No, Lent is not about giving up our adult candy or immersing ourselves in pain. Lent is about being honest with ourselves, changing what needs to change in our lives, making our world a better place and growing into the Light. It is not about making up strange and useless penances, important as these may be to training us in self-control. It is about doing what needs to be done in these circumstances with a generous heart and an open soul.
When asked the way to eternal life, Jesus told the disciples to "go by the narrow and the hard way" (Matthew 7:14). When Abba Ammonas, a fifth-century desert monastic, was asked, "What is the narrow and hard way?" Ammonas answered, "The narrow and hard way is to control your thoughts and strip yourself of your own way for the sake of God."
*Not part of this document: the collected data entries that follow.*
(* Let $T$ be a tree, $f_1,f_2$ proper 3-colorings of $T$, and $h\in D(f_1,f_2)$. Then there is a walk from $f_1$ to $f_2$ in $\mathcal{C}_3(T)$ of length $\|h\|_1$ in which each vertex $w$ is toggled exactly $|h(w)|$ times, every such toggle changing the color of $w$ by $\operatorname{sign}(h(w))\in\{+1,-1\}$ (in $\mathbb{Z}/3\mathbb{Z}$). In particular the walk contains no two steps that toggle the same vertex in opposite directions.
   Context: Let $T$ be a finite tree with vertex set $V$ and edge set $E$. A proper 3-coloring of $T$ is a map $f\colon V\to\mathbb{Z}/3\mathbb{Z}$ with $f(u)\neq f(v)$ for every edge $uv\in E$. The 3-coloring graph $\mathcal{C}_3(T)$ has the proper 3-colorings as vertices, two colorings adjacent iff they differ at exactly one vertex; a step of a walk changing the color of $w$ by $\pm1$ is a $(\pm1)$-toggle at $w$. A labeling of $T$ is a map $h\colon V\to\mathbb{Z}$ with $|h(u)-h(v)|\le 1$ for every edge $uv\in E$, and $\|h\|_1=\sum_{v\in V}|h(v)|$. Given proper 3-colorings $f,g$, $D(f,g)$ is the set of labelings $h$ with $h(v)\equiv g(v)-f(v)\pmod 3$ for all $v\in V$. *)

From mathcomp Require Import all_boot all_order all_algebra.
Set Implicit Arguments. Unset Strict Implicit. Unset Printing Implicit Defensive.
Import Order.TTheory GRing.Theory Num.Theory.

Definition simple_graph (V : finType) (e : rel V) : Prop :=
  symmetric e /\ irreflexive e.

Definition acyclic (V : finType) (e : rel V) : Prop :=
  forall c : seq V, uniq c -> 3 <= size c -> ~~ cycle e c.

Definition connected (V : finType) (e : rel V) : Prop :=
  forall x y : V, connect e x y.

Definition is_tree (V : finType) (e : rel V) : Prop :=
  [/\ simple_graph e, connected e & acyclic e].

Definition coloring (V : finType) := {ffun V -> 'Z_3}.

Definition proper_coloring (V : finType) (e : rel V) (f : coloring V) : bool :=
  [forall u, forall v, e u v ==> (f u != f v)].

Definition C3adj (V : finType) (f g : coloring V) : bool :=
  #|[set x | f x != g x]| == 1%N.

Definition labeling (V : finType) (e : rel V) (h : V -> int) : Prop :=
  forall u v, e u v -> (`|h u - h v| <= 1)%R.

Definition norm1 (V : finType) (h : V -> int) : nat := \sum_(v : V) absz (h v).

Definition D (V : finType) (e : rel V) (f g : coloring V) (h : V -> int) : Prop :=
  labeling e h /\ forall v, ((h v)%:~R : 'Z_3)%R = (g v - f v)%R.

(* Induction on the norm of h.  Let M be the maximum of |h|.  Some vertex w with
   |h w| = M can be toggled by sgz (h w) without breaking properness.  Otherwise
   every such vertex x has a neighbour y coloured f1 x + sgz (h x); then h y = h x,
   for h y = h x - sgz (h x) would force f2 x = f2 y.  Following these neighbours
   never backtracks (2 sgz (h x) != 0 in Z/3), so it closes a cycle of length at
   least 3 in the tree.  Toggling w and moving h w one step towards 0 keeps f1
   proper and h in D, and lowers the norm of h by one. *)

From mathcomp Require Import all_boot all_order all_algebra zify ring.
Import Order.TTheory GRing.Theory Num.Theory.
Set Implicit Arguments.
Unset Strict Implicit.
Unset Printing Implicit Defensive.

Lemma sgz_cases (a : int) : a != 0%R -> (0 < a /\ sgz a = 1 \/ a < 0 /\ sgz a = -1)%R.
Proof.
case: (ltgtP a 0%R) => // [a_neg|a_pos] _; last by left; rewrite gtr0_sgz.
by right; rewrite ltr0_sgz.
Qed.

Lemma abszBsgz (a : int) : absz (a - sgz a)%R = (absz a).-1.
Proof.
have [->|/sgz_cases [[a_pos ->]|[a_neg ->]]] := eqVneq a 0%R; [by [] | lia | lia].
Qed.

Lemma sgzBsgz (a : int) : (a - sgz a != 0 -> sgz (a - sgz a) = sgz a)%R.
Proof.
have [->|/sgz_cases [[a_pos ->]|[a_neg ->]]] := eqVneq a 0%R; first by [].
  by move=> nz; rewrite gtr0_sgz //; move/eqP: nz; lia.
by move=> nz; rewrite ltr0_sgz //; move/eqP: nz; lia.
Qed.

Lemma near_max_cases (a b : int) :
  (a != 0 -> (absz b <= absz a)%N -> `|a - b| <= 1 -> b = a \/ b = a - sgz a)%R.
Proof. by case/sgz_cases => -[a_sgn ->]; lia. Qed.

Lemma sgz_Z3_neq0 (a : int) : (a != 0 -> (sgz a)%:~R != 0 :> 'Z_3)%R.
Proof. by case/sgz_cases => -[_ ->]. Qed.

Lemma sgz_Z3_double_neq0 (a : int) :
  (a != 0 -> (sgz a)%:~R + (sgz a)%:~R != 0 :> 'Z_3)%R.
Proof. by case/sgz_cases => -[_ ->]. Qed.

Section AcyclicSink.

Variables (V : finType) (e r : rel V) (S : {pred V}).
Hypotheses (acyclic_e : acyclic e) (sub_r_e : subrel r e)
  (asym_r : {in S &, forall x y, r x y -> ~~ r y x}).

Lemma acyclic_sink x0 : x0 \in S -> exists2 x, x \in S & {in S, forall y, ~~ r x y}.
Proof.
move=> Sx0; have [/exists_inP [x Sx /forall_inP]|no_sink] :=
  boolP [exists x in S, [forall y in S, ~~ r x y]]; first by exists x.
exfalso; pose f x := odflt x [pick y in S | r x y].
have f_succ x : x \in S -> (f x \in S) && r x (f x).
  move=> Sx; rewrite /f; case: pickP => [y /andP [] -> -> //|no_succ].
  move/exists_inPn: no_sink => /(_ x Sx) /forall_inPn [y Sy].
  by rewrite negbK => rxy; move: (no_succ y); rewrite Sy rxy.
have f_iterS k x : x \in S -> iter k f x \in S.
  by move=> Sx; elim: k => //= k /f_succ /andP [].
have f_neq x : x \in S -> f x != x.
  move=> Sx; apply/eqP => fx; case/andP: (f_succ x Sx) => _.
  by rewrite fx => rxx; move: (asym_r Sx Sx rxx); rewrite rxx.
have ff_neq x : x \in S -> f (f x) != x.
  move=> Sx; case/andP: (f_succ x Sx) => Sfx rxfx; case/andP: (f_succ _ Sfx) => _.
  by apply: contraTneq => ->; apply: asym_r.
(* the orbit of [x0] under [f] eventually enters a cycle, through [z] *)
have [i lt_i Ei] := trajectP (looping_order f x0).
set z := iter i f x0.
have Sz : z \in S by apply: f_iterS.
have cycle_z : fcycle f (orbit f z).
  apply/(orbitPcycle 3 0); exists (order f x0 - i).-1.
  by rewrite prednK ?subn_gt0 // /z -iterD subnK ?Ei // ltnW.
have S_orbit : all [in S] (orbit f z).
  by apply/allP => y /trajectP [k _ ->]; apply: f_iterS.
have e_cycle : cycle e (orbit f z).
  apply: (sub_in_cycle _ S_orbit cycle_z) => x y Sx _ /eqP <-.
  by case/andP: (f_succ x Sx) => _ /sub_r_e.
have z_uniq3 : uniq [:: z; f z; f (f z)].
  rewrite /= !inE negb_or eq_sym f_neq // eq_sym ff_neq // eq_sym f_neq //.
  by case/andP: (f_succ z Sz).
have orbit_size3 : 3 <= size (orbit f z).
  apply: uniq_leq_size z_uniq3 _ => y; rewrite !inE -!fconnect_orbit.
  case/or3P => /eqP ->; first exact: connect0.
    exact: (fconnect_iter f 1).
  exact: (fconnect_iter f 2).
by move: (acyclic_e (orbit_uniq f z) orbit_size3); rewrite e_cycle.
Qed.

End AcyclicSink.

Section Colorings.

Variables (V : finType) (e : rel V).

Lemma proper_coloringP (f : coloring V) :
  reflect (forall u v, e u v -> f u != f v) (proper_coloring e f).
Proof.
apply: (iffP forallP) => [pf u v euv | pf u].
  by move/forallP: (pf u) => /(_ v); rewrite euv.
by apply/forallP => v; apply/implyP; apply: pf.
Qed.

Definition toggle (f : coloring V) (w : V) (c : 'Z_3) : coloring V :=
  [ffun x => if x == w then (f w + c)%R else f x].

Lemma toggle_proper (f : coloring V) w c :
  symmetric e -> proper_coloring e f -> (forall v, e w v -> f v != f w + c)%R ->
  proper_coloring e (toggle f w c).
Proof.
move=> sym_e /proper_coloringP pf free_w; apply/proper_coloringP => x y exy.
rewrite !ffunE; case: (eqVneq x w) => [xw|_]; case: (eqVneq y w) => [yw|_].
- by move: (pf x y exy); rewrite xw yw eqxx.
- by rewrite eq_sym free_w // -xw.
- by apply: free_w; rewrite -yw sym_e.
- exact: pf.
Qed.

Lemma toggle_C3adj (f : coloring V) w c : (c != 0)%R -> C3adj f (toggle f w c).
Proof.
move=> c_neq0; rewrite /C3adj (_ : [set x | _] = [set w]) ?cards1 //.
apply/setP => x; rewrite !inE ffunE; case: (eqVneq x w) => [->|]; last by rewrite eqxx.
by rewrite -subr_eq0 opprD addrA subrr add0r oppr_eq0.
Qed.

Lemma toggle_sub (f : coloring V) w c x :
  (toggle f w c x - f x = if x == w then c else 0)%R.
Proof. by rewrite ffunE; case: eqP => [->|_]; rewrite ?subrr // addrC addKr. Qed.

Lemma D_edge_neq (f1 f2 : coloring V) (h : V -> int) x v :
  proper_coloring e f2 -> (forall v, (h v)%:~R = f2 v - f1 v)%R -> e x v ->
  (f1 v != f1 x + (h x - h v)%:~R)%R.
Proof.
move=> /proper_coloringP pf2 Dh exv; apply: contra (pf2 x v exv) => /eqP f1v.
rewrite -subr_eq0 -(subrK (f1 x) (f2 x)) -(subrK (f1 v) (f2 v)) -!Dh f1v intrB.
by apply/eqP; ring.
Qed.

End Colorings.

Section Labelings.

Variables (V : finType) (e : rel V).

Lemma norm1_eq0 (h : V -> int) : (norm1 h == 0%N) = [forall v, h v == 0%R].
Proof.
by rewrite /norm1 sum_nat_eq0; apply: eq_forallb => v; rewrite absz_eq0.
Qed.

Definition shrink (h : V -> int) (w : V) : V -> int :=
  fun x => if x == w then (h w - sgz (h w))%R else h x.

Lemma norm1_shrink (h : V -> int) w :
  (h w != 0)%R -> norm1 h = (norm1 (shrink h w)).+1.
Proof.
move=> hw_neq0; rewrite /norm1 (bigD1 w) //= [in RHS](bigD1 w) //= {1}/shrink eqxx.
rewrite abszBsgz -addSn prednK ?absz_gt0 //; congr (_ + _).
by apply: eq_bigr => x /negbTE xw; rewrite /shrink xw.
Qed.

Lemma shrink_labeling (h : V -> int) w :
  symmetric e -> labeling e h -> (h w != 0)%R -> (forall v, absz (h v) <= absz (h w)) ->
  labeling e (shrink h w).
Proof.
move=> sym_e lab hw_neq0 hw_max x y exy; rewrite /shrink.
have near_w v : e w v -> (`|h w - sgz (h w) - h v| <= 1)%R.
  move=> ewv; have [->|->] := near_max_cases hw_neq0 (hw_max v) (lab w v ewv).
    by case/sgz_cases: hw_neq0 => -[_ ->]; lia.
  by rewrite subrr.
case: (eqVneq x w) => [xw|_]; case: (eqVneq y w) => [yw|_].
- by rewrite subrr.
- by apply: near_w; rewrite -xw.
- by rewrite distrC; apply: near_w; rewrite -yw sym_e.
- exact: lab.
Qed.

Lemma D_toggle_shrink (f1 f2 : coloring V) (h : V -> int) w :
  symmetric e -> D e f1 f2 h -> (h w != 0)%R -> (forall v, absz (h v) <= absz (h w)) ->
  D e (toggle f1 w (sgz (h w))%:~R%R) f2 (shrink h w).
Proof.
move=> sym_e [lab Dh] hw_neq0 hw_max; split; first exact: shrink_labeling.
move=> x; rewrite /shrink ffunE; case: eqP => [->|_]; last exact: Dh.
by rewrite intrB Dh; ring.
Qed.

End Labelings.

Lemma exists_free_max_vertex (V : finType) (e : rel V) (f1 f2 : coloring V)
    (h : V -> int) v0 :
  acyclic e -> proper_coloring e f2 -> D e f1 f2 h -> (h v0 != 0)%R ->
  exists w, [/\ (h w != 0)%R, forall v, absz (h v) <= absz (h w)
              & forall v, e w v -> (f1 v != f1 w + (sgz (h w))%:~R)%R].
Proof.
move=> acyclic_e pf2 [lab Dh] hv0_neq0.
have [w0 _ w0_max] := arg_maxnP (fun v => absz (h v)) (isT : predT v0).
pose S := [pred v | absz (h v) == absz (h w0)].
pose r := [rel x y | e x y && (f1 y == f1 x + (sgz (h x))%:~R)%R].
have S_max x : x \in S -> forall v, absz (h v) <= absz (h x).
  by move=> /eqP -> v; apply: w0_max.
have S_neq0 x : x \in S -> (h x != 0)%R.
  move=> /eqP Sx; rewrite -absz_eq0 Sx -lt0n.
  by apply: leq_trans (w0_max v0 isT); rewrite absz_gt0.
(* a step of [r] leaving [S] would make [f2] improper *)
have r_stays x y : x \in S -> r x y -> h y = h x.
  move=> Sx /andP [exy /eqP f1y].
  have [//|hy] := near_max_cases (S_neq0 x Sx) (S_max x Sx y) (lab x y exy).
  by move: (D_edge_neq pf2 Dh exy); rewrite hy opprB addrCA subrr addr0 f1y eqxx.
have r_asym : {in S &, forall x y, r x y -> ~~ r y x}.
  move=> x y Sx _ rxy; have hyx := r_stays x y Sx rxy.
  case/andP: rxy => _ /eqP f1y; apply/negP => /andP [_ /eqP].
  rewrite hyx f1y -addrA -{1}[f1 x]addr0 => /addrI /esym /eqP.
  by apply/negP; apply: sgz_Z3_double_neq0; apply: S_neq0.
have sub_r_e : subrel r e by move=> x y /andP [].
have [w Sw w_sink] := acyclic_sink acyclic_e sub_r_e r_asym (eqxx _ : w0 \in S).
exists w; split; [exact: S_neq0 | exact: S_max |] => v ewv.
apply/negP => f1v; have rwv : r w v by rewrite /= ewv f1v.
have Sv : v \in S by rewrite inE (r_stays w v Sw rwv).
exact: negP (w_sink v Sv) rwv.
Qed.

Section ToggleWalks.

Variables (V : finType) (e : rel V).

Definition toggle_walk (f1 f2 : coloring V) (h : V -> int) : Prop :=
  exists p : seq (coloring V),
    [/\ all (proper_coloring e) p,
        path (@C3adj V) f1 p,
        last f1 p = f2,
        size p = norm1 h
      & forall w : V,
          count (fun st : coloring V * coloring V => st.1 w != st.2 w)
                (zip (f1 :: p) p) = absz (h w)
          /\ all (fun st : coloring V * coloring V =>
                 (st.1 w != st.2 w) ==>
                 (st.2 w - st.1 w == ((sgz (h w))%:~R : 'Z_3)%R)%R)
              (zip (f1 :: p) p)].

Lemma toggle_walk_refl (f : coloring V) (h : V -> int) :
  (forall v, h v = 0%R) -> toggle_walk f f h.
Proof.
move=> h0; exists [::]; split => // [|w]; last by rewrite h0.
by apply/esym/eqP; rewrite norm1_eq0; apply/forallP => v; rewrite h0.
Qed.

Lemma toggle_walk_cons (f1 f2 : coloring V) (h : V -> int) w
    (f1' := toggle f1 w (sgz (h w))%:~R%R) :
  (h w != 0)%R -> proper_coloring e f1' -> toggle_walk f1' f2 (shrink h w) ->
  toggle_walk f1 f2 h.
Proof.
move=> hw_neq0 pf1' [p [p_proper p_path p_last p_size p_toggles]].
have c_neq0 := sgz_Z3_neq0 hw_neq0.
exists (f1' :: p); split => /=; rewrite ?pf1' ?p_path ?toggle_C3adj //.
  by rewrite p_size -norm1_shrink.
move=> x; have f1'_sub := toggle_sub f1 w (sgz (h w))%:~R%R x; rewrite -/f1' in f1'_sub.
have step_x : (f1 x != f1' x) = (x == w).
  by rewrite eq_sym -subr_eq0 f1'_sub; case: (x == w); rewrite ?eqxx.
rewrite step_x f1'_sub; case: (eqVneq x w) => [->|xw] /=; last first.
  by have := p_toggles x; rewrite /shrink (negbTE xw).
have [w_count w_sign] := p_toggles w; rewrite /shrink eqxx in w_count w_sign.
rewrite w_count abszBsgz; split; first by rewrite add1n prednK // absz_gt0.
rewrite eqxx /=.
have [hw'0|hw'_neq0] := eqVneq (h w - sgz (h w))%R 0%R; last by rewrite -sgzBsgz.
(* once [h w] reaches 0, the rest of the walk never toggles [w] *)
rewrite hw'0 in w_sign; apply: sub_all w_sign => st /implyP toggled.
by apply/implyP => tog; move: (toggled tog); rewrite sgz0 subr_eq0 eq_sym (negbTE tog).
Qed.

Lemma toggle_walk_exists (f1 f2 : coloring V) (h : V -> int) :
  is_tree e -> proper_coloring e f1 -> proper_coloring e f2 -> D e f1 f2 h ->
  toggle_walk f1 f2 h.
Proof.
move=> [[sym_e _] _ acyclic_e] + pf2; move: {2}(norm1 h) (erefl (norm1 h)) => n.
elim: n f1 h => [|n IHn] f1 h norm_h pf1 Dh.
  have h0 v : h v = 0%R by apply/eqP; move/eqP: norm_h; rewrite norm1_eq0 => /forallP.
  suff -> : f2 = f1 by apply: toggle_walk_refl.
  apply/ffunP => v; apply/eqP; rewrite -subr_eq0; by case: Dh => _ <-; rewrite h0.
have [v0 hv0_neq0] : exists v, (h v != 0)%R.
  by apply/existsP; rewrite -negb_forall -norm1_eq0 norm_h.
have [w [hw_neq0 hw_max w_free]] := exists_free_max_vertex acyclic_e pf2 Dh hv0_neq0.
have pf1' := toggle_proper sym_e pf1 w_free.
have norm_h' : norm1 (shrink h w) = n.
  by move: norm_h; rewrite (norm1_shrink hw_neq0) => -[].
have Dh' := D_toggle_shrink sym_e Dh hw_neq0 hw_max.
exact: toggle_walk_cons hw_neq0 pf1' (IHn _ _ norm_h' pf1' Dh').
Qed.

End ToggleWalks.

Theorem mainTheorem5 (V : finType) (e : rel V) (f1 f2 : coloring V) (h : V -> int) :
  is_tree e -> proper_coloring e f1 -> proper_coloring e f2 -> D e f1 f2 h ->
  exists p : seq (coloring V),
    [/\ all (proper_coloring e) p,
        path (@C3adj V) f1 p,
        last f1 p = f2,
        size p = norm1 h
      & forall w : V,
          count (fun st : coloring V * coloring V => st.1 w != st.2 w)
                (zip (f1 :: p) p) = absz (h w)
          /\ all (fun st : coloring V * coloring V =>
                 (st.1 w != st.2 w) ==>
                 (st.2 w - st.1 w == ((sgz (h w))%:~R : 'Z_3)%R)%R)
              (zip (f1 :: p) p)].
Proof. exact: toggle_walk_exists. Qed.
Note well: The old monk's response is not about self-flagellation, in other words. Not about fancy penances. Not about severe fasting. Not about public deprivations. "The hard way," Ammonas teaches, is self-control, thought-control, and acceptance of the natural irritations of life. Like pandemics, maybe. Like personal and political struggles, maybe. Like our fear of the future in a world in transition.
If COVID-19 has taught us anything, it is surely the real meaning of what it takes to come to terms with the self and all the self-centeredness that has, like barnacles, invaded our marriages, our work time, our family time, our reading time, and even the kind of personal time that freshens and inspirits our souls.
From where I stand, Lent calls us to take the space and time we need to make the changes of life we need. It's about plotting our own renewal into a more placid, a more regular, a less hectic self. It's about sinking into the kind of personal reflection that brings us to confront the self for which we seek.
Lent is not a spiritual competition, a kind of "no pain, no gain" exercise of the soul. Lent is the time to renew the best in us.